(* Pigeonhole on the pair (state of the run, truth values of L) picks i and
   a later j with the same pair, past an accepting visit and past every
   Until witness needed at i. *)
Lemma exists_lasso_cut (A : buchi AP) p (r : nat -> bQ A) L :
  (forall n, exists m, n <= m /\ r m \in bacc A) ->
  exists i j a, [/\ i < j, r i = r j, i <= a < j, r a \in bacc A &
                    forall f, List.In f L -> agree p i j f].
Proof.
move=> r_acc.
pose profile (n : nat) : bQ A * {ffun 'I_(size L) -> bool} :=
  (r n, [ffun k : 'I_(size L) => truth (holds p (List.nth k L LFalse) n)]).
have [x Hx] := exists_recurrent_value _ profile.
have [i [_ prof_i]] := Hx 0.
have [K HK] := until_fulfilled_bound p i L.
have [a [le_ia acc_a]] := r_acc i.
have [j [le_j prof_j]] := Hx (maxn K a.+1).
move: prof_i; rewrite -prof_j /profile => -[r_ij truth_ij].
exists i, j, a; split; rewrite ?le_ia //=; try lia.
move=> f in_f; split; last by apply: until_fulfilled_before_mono (HK f in_f); lia.
have [k [lt_k nth_k]] := List.In_nth L f LFalse in_f.
move/ffunP: truth_ij => /(_ (Ordinal (introT ltP lt_k))).
by rewrite !ffunE /= nth_k; apply: truth_inj.
Qed.

Lemma lang_lasso_agree (A : buchi AP) p L : lang A p ->
  exists i j, [/\ i < j, lang A (lasso p i j) &
                 forall f, List.In f L -> models (lasso p i j) f <-> models p f].
Proof.
move=> [r [r0 [r_step r_acc]]].
have [i [j [a [lt_ij r_loop lt_a acc_a agree_ij]]]] :=
  exists_lasso_cut A p r (List.flat_map (@subformulas AP) L) r_acc.
exists i, j; split=> //; first exact: lang_lasso r_step r_loop lt_a acc_a.
move=> f in_f; rewrite -!holds0 holds_lasso //.
apply: hereditary_subformulas => g in_g; apply: agree_ij.
by apply/List.in_flat_map; exists f.
Qed.

End LassoCut.

Lemma supp_subset_Cn (AP : finType) (A A' : buchi AP) (phi psi : ltl AP) :
  (forall pi, lang A' pi <-> lang A pi /\ models pi phi) ->
  supp A' psi -> Cn (fun chi => supp A chi \/ chi = phi) psi.
Proof.
move=> langA' supp_psi M M_models pi pi_M.
have imp_M : kmodels M (LOr (LNot phi) psi).
  apply: M_models; left=> w w_A /=.
  by case: (classic (models w phi)) => [w_phi | ]; [right; apply/supp_psi/langA' | left].
have phi_M : kmodels M phi by apply: M_models; right.
by case: (imp_M pi pi_M) => // /(_ (phi_M pi pi_M)).
Qed.

Lemma Cn_subset_supp (AP : finType) (A A' : buchi AP) (phi psi : ltl AP) :
  (forall pi, lang A' pi <-> lang A pi /\ models pi phi) ->
  Cn (fun chi => supp A chi \/ chi = phi) psi -> supp A' psi.
Proof.
move=> langA' Cn_psi pi /langA' [pi_A pi_phi].
have [i [j [lt_ij lasso_A lasso_agree]]] := lang_lasso_agree [:: phi; psi] pi_A.
have [M [lasso_M M_traces]] := lasso_kripke pi i j lt_ij.
apply/(lasso_agree psi); first by right; left.
apply: (Cn_psi M) lasso_M => chi [supp_chi | ->] q /M_traces ->.
  exact: supp_chi lasso_A.
by apply/lasso_agree; first by left.
Qed.

Theorem mainTheorem14 (AP : finType) (hAP : 0 < #|AP|)
  (A : buchi AP) (phi : ltl AP) (A' : buchi AP)
  (hA' : forall pi : trace AP, lang A' pi <-> (lang A pi /\ models pi phi)) :
  forall psi : ltl AP,
    Cn (fun chi => supp A chi \/ chi = phi) psi <-> supp A' psi.
Proof.
by move=> psi; split; [exact: Cn_subset_supp hA' | exact: supp_subset_Cn hA'].
Qed.
From mathcomp Require Import all_boot zify.
Set Implicit Arguments. Unset Strict Implicit. Unset Printing Implicit Defensive.

(* Write N_x A t (resp. N_y A t) for the number of points of A whose first (resp. second)
   coordinate is at least t. An antichain A of size k is sent to the Ferrers diagram whose
   Frobenius coordinates are the coordinates of A: its first k rows have as arms the second
   coordinates of A and its first k columns have as legs the first ones; so the diagram has
   Durfee length k, and every diagram of Durfee length k arises this way. Inclusion of such
   diagrams amounts to the domination N_x A <= N_x B and N_y A <= N_y B, which a covering
   step A <_k B (one point moved up) preserves. Conversely, if A is dominated by B and the
   diagrams differ, pick the largest t with N_x A t < N_x B t (or the same for y, by
   transposing the grid); no point of A has first coordinate t, and moving the point of A
   with the largest first coordinate below t to first coordinate t is a covering step whose
   result is still dominated by B. The diagram strictly grows, so induction on its size
   gives A <=_k B. *)

Lemma leq_card_interval (T : finType) (S : {set T}) (f : T -> nat) t s :
  {in S &, injective f} -> {in S, forall x, t <= f x < s} -> #|S| <= s - t.
Proof.
move=> f_inj f_bnd; rewrite cardE -(size_map f) -(size_iota t (s - t)).
apply: uniq_leq_size => [|y /mapP[x]].
  by rewrite map_inj_in_uniq ?enum_uniq // => x y; rewrite !mem_enum; apply: f_inj.
by rewrite mem_enum mem_iota => /f_bnd bnd ->; lia.
Qed.

Lemma leq_bigmax_downclosed n (P : pred nat) :
    P 0 -> (forall s t, s <= t -> P t -> P s) -> (forall t, P t -> t < n) ->
  forall t, (t <= \max_(s < n | P s) s) = P t.
Proof.
move=> P0 P_dw P_bnd t.
have P_gt0 : 0 < #|[pred s : 'I_n | P s]| by apply/card_gt0P; exists (Ordinal (P_bnd 0 P0)).
have [m Pm max_m] := eq_bigmax_cond val P_gt0.
apply/idP/idP => [|Pt]; first by rewrite max_m => /P_dw; apply.
exact: (leq_bigmax_cond (F := val) (Ordinal (P_bnd t Pt))).
Qed.

Lemma ltn_card_decreasing k (g : nat -> nat) t s :
    (forall r r', r < r' < k -> g r' < g r) ->
  (s < #|[set r : 'I_k | t <= g r]|) = (s < k) && (t <= g s).
Proof.
move=> g_dec; have g_mono r r' : r <= r' < k -> g r' <= g r.
  by rewrite leq_eqVlt => /andP[/orP[/eqP-> //|lt] r'k]; apply/ltnW/g_dec; rewrite lt.
apply/idP/idP => [|/andP[sk ts]].
  apply: contraTT => s_out; rewrite -leqNgt -[s]subn0.
  apply: (leq_card_interval (f := val)) => [r r' _ _ /val_inj //|r].
  rewrite inE /= => t_gr.
  by have := g_mono s r; have := ltn_ord r; lia.
have <- : #|[set widen_ord sk i | i : 'I_s.+1]| = s.+1.
  by rewrite card_imset ?card_ord // => i j /(congr1 val) /= /val_inj.
apply/subset_leq_card/subsetP => _ /imsetP[i _ ->]; rewrite inE.
by apply: leq_trans ts (g_mono _ _ _); rewrite /= -ltnS ltn_ord.
Qed.

Definition px {a b} (p : grid a b) : nat := p.1.
Definition py {a b} (p : grid a b) : nat := p.2.

Section Counting.
Variables a b : nat.
Local Notation G := (grid a b).
Implicit Types (A B D : {set G}) (pi : G -> nat) (p q : G).

Definition card_ge A pi t := #|[set p in A | t <= pi p]|.

Lemma card_ge0 A pi : card_ge A pi 0 = #|A|.
Proof. by apply: eq_card => p; rewrite !inE andbT. Qed.

Lemma card_ge_mono A pi t s : t <= s -> card_ge A pi s <= card_ge A pi t.
Proof.
move=> ts; apply/subset_leq_card/subsetP => p; rewrite !inE.
by case/andP=> -> /(leq_trans ts).
Qed.

Lemma card_ge_le_card A pi t : card_ge A pi t <= #|A|.
Proof. by rewrite -(card_ge0 A pi) card_ge_mono. Qed.

Lemma card_ge_bounded A pi n t :
  {in A &, injective pi} -> (forall p, pi p < n) -> card_ge A pi t <= n - t.
Proof.
move=> pi_inj pi_bnd; apply: leq_card_interval => [p q|p]; rewrite !inE.
  by move=> /andP[pA _] /andP[qA _]; apply: pi_inj.
by case/andP=> _ ->; rewrite pi_bnd.
Qed.

Lemma card_ge_lipschitz A pi t s :
  {in A &, injective pi} -> card_ge A pi t <= card_ge A pi s + (s - t).
Proof.
move=> pi_inj; case: (leqP s t) => [st|ts].
  by rewrite (leq_trans (card_ge_mono _ _ st)) ?leq_addr.
rewrite /card_ge.
have -> : [set p in A | t <= pi p] = [set p in A | s <= pi p] :|: [set p in A | t <= pi p < s].
  by apply/setP => p; rewrite !inE; case: (p \in A) => //=; lia.
apply: leq_trans (leq_card_setU _ _) _; rewrite leq_add2l.
apply: leq_card_interval => [p q|p]; rewrite !inE.
  by move=> /andP[pA _] /andP[qA _]; apply: pi_inj.
by case/andP.
Qed.

Lemma card_ge_strict A pi p t s :
  p \in A -> t <= pi p -> pi p < s -> card_ge A pi s < card_ge A pi t.
Proof.
move=> pA tp ps; apply/proper_card/properP; split.
  by apply/subsetP => q; rewrite !inE => /andP[-> /(leq_trans (ltnW (leq_ltn_trans tp ps)))].
by exists p; rewrite !inE pA //= -ltnNge.
Qed.

Lemma card_geU1 A pi p t :
  p \notin A -> card_ge (p |: A) pi t = card_ge A pi t + (t <= pi p).
Proof.
move=> pA; rewrite /card_ge; case: leqP => tp.
  have -> : [set q in p |: A | t <= pi q] = p |: [set q in A | t <= pi q].
    by apply/setP => q; rewrite !inE; case: eqP => // ->; rewrite tp.
  by rewrite cardsU1 inE (negbTE pA) addnC.
rewrite addn0; apply: eq_card => q; rewrite !inE; case: eqP => // ->.
by rewrite (negbTE pA) leqNgt tp andbF.
Qed.

Lemma card_geD1 A pi p t :
  p \in A -> card_ge A pi t = card_ge (A :\ p) pi t + (t <= pi p).
Proof. by move=> pA; rewrite -card_geU1 ?setD11 // setD1K. Qed.

Lemma antichains_kP k A : reflect (antichain A /\ #|A| = k) (A \in antichains_k k).
Proof. by rewrite unfold_in; apply: (iffP andP) => [[? /eqP]|[? ->]]. Qed.

Lemma gle_coord p q : gle p q = (px p <= px q) && (py p <= py q).
Proof. by []. Qed.

Lemma grid_eq p q : px p = px q -> py p = py q -> p = q.
Proof. by case: p q => [p1 p2] [q1 q2] /val_inj /= -> /val_inj /= ->. Qed.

◆ What this task involves
Reproduce, word for word and in full, only the lines above that start at the line with "Lemma exists_lasso_cut (A" and run through the line with "exists i, j, a;", both ends included.

◆ Task solution
Lemma exists_lasso_cut (A : buchi AP) p (r : nat -> bQ A) L :
  (forall n, exists m, n <= m /\ r m \in bacc A) ->
  exists i j a, [/\ i < j, r i = r j, i <= a < j, r a \in bacc A &
                    forall f, List.In f L -> agree p i j f].
Proof.
move=> r_acc.
pose profile (n : nat) : bQ A * {ffun 'I_(size L) -> bool} :=
  (r n, [ffun k : 'I_(size L) => truth (holds p (List.nth k L LFalse) n)]).
have [x Hx] := exists_recurrent_value _ profile.
have [i [_ prof_i]] := Hx 0.
have [K HK] := until_fulfilled_bound p i L.
have [a [le_ia acc_a]] := r_acc i.
have [j [le_j prof_j]] := Hx (maxn K a.+1).
move: prof_i; rewrite -prof_j /profile => -[r_ij truth_ij].
exists i, j, a; split; rewrite ?le_ia //=; try lia.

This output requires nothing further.